● **DIRECTIONS FOR THIS TASK**:
In the records below, begin at the line containing "exists f : Se" and end at the line containing "(forall (c : k)"; quote every line in that span exactly, including both boundary lines, and no others.

━━━━━━━━

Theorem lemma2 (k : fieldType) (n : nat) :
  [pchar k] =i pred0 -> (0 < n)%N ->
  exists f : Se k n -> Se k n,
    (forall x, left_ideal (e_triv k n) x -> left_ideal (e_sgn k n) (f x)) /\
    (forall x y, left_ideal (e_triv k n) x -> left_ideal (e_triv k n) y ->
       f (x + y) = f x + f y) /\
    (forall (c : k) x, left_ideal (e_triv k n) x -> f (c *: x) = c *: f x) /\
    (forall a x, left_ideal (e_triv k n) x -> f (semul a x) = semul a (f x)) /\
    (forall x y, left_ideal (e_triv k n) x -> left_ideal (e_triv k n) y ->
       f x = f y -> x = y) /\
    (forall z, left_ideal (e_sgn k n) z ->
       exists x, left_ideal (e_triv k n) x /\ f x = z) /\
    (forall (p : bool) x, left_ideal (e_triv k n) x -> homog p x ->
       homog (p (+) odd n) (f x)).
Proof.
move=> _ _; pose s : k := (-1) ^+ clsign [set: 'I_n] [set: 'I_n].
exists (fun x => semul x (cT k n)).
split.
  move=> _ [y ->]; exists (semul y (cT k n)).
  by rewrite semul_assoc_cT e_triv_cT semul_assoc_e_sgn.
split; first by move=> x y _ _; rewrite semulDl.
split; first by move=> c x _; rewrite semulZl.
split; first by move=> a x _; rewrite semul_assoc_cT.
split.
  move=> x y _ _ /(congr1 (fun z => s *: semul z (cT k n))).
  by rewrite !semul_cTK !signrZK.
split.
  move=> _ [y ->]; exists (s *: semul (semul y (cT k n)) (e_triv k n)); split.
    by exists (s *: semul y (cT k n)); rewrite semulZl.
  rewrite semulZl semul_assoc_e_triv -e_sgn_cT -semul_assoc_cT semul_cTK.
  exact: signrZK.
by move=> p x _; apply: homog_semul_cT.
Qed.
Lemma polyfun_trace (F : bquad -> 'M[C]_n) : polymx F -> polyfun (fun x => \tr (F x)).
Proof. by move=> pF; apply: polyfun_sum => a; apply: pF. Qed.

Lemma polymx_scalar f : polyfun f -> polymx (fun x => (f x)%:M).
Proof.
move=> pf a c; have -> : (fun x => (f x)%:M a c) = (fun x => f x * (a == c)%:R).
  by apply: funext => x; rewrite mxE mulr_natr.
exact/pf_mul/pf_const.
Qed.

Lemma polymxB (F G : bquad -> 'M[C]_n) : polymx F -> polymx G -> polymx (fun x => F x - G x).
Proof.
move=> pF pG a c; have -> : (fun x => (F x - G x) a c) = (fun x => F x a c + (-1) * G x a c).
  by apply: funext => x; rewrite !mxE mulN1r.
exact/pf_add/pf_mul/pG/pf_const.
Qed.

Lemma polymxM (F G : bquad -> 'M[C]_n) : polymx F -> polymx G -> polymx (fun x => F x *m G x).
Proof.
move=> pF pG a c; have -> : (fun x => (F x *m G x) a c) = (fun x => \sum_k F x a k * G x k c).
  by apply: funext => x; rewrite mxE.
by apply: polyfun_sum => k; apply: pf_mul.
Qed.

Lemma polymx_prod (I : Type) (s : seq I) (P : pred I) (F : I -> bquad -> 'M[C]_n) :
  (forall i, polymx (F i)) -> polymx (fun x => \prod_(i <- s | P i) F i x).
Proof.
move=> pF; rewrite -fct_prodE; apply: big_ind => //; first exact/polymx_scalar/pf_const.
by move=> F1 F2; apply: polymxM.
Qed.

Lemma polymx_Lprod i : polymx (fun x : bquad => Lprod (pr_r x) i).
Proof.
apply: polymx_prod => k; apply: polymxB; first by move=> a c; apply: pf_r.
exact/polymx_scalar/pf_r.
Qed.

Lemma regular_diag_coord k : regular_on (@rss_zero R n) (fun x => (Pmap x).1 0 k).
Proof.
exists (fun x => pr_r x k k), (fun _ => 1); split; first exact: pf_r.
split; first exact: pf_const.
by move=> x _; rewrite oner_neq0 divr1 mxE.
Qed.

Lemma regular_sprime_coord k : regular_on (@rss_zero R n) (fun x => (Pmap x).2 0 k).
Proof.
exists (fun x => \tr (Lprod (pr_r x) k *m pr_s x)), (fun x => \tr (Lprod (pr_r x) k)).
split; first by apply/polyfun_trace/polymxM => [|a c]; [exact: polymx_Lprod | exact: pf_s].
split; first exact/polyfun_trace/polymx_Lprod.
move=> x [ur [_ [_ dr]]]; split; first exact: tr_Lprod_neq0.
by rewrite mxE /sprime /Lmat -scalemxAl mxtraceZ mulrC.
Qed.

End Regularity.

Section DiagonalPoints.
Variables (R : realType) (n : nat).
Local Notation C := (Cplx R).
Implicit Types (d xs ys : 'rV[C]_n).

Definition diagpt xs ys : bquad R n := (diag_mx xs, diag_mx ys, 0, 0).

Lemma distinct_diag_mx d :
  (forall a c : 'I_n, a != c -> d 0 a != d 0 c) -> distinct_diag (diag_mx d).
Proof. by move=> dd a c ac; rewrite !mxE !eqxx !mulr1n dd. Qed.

━━━━━━━━

● **EXERCISE ANSWER**:
  exists f : Se k n -> Se k n,
    (forall x, left_ideal (e_triv k n) x -> left_ideal (e_sgn k n) (f x)) /\
    (forall x y, left_ideal (e_triv k n) x -> left_ideal (e_triv k n) y ->
       f (x + y) = f x + f y) /\
    (forall (c : k) x, left_ideal (e_triv k n) x -> f (c *: x) = c *: f x) /\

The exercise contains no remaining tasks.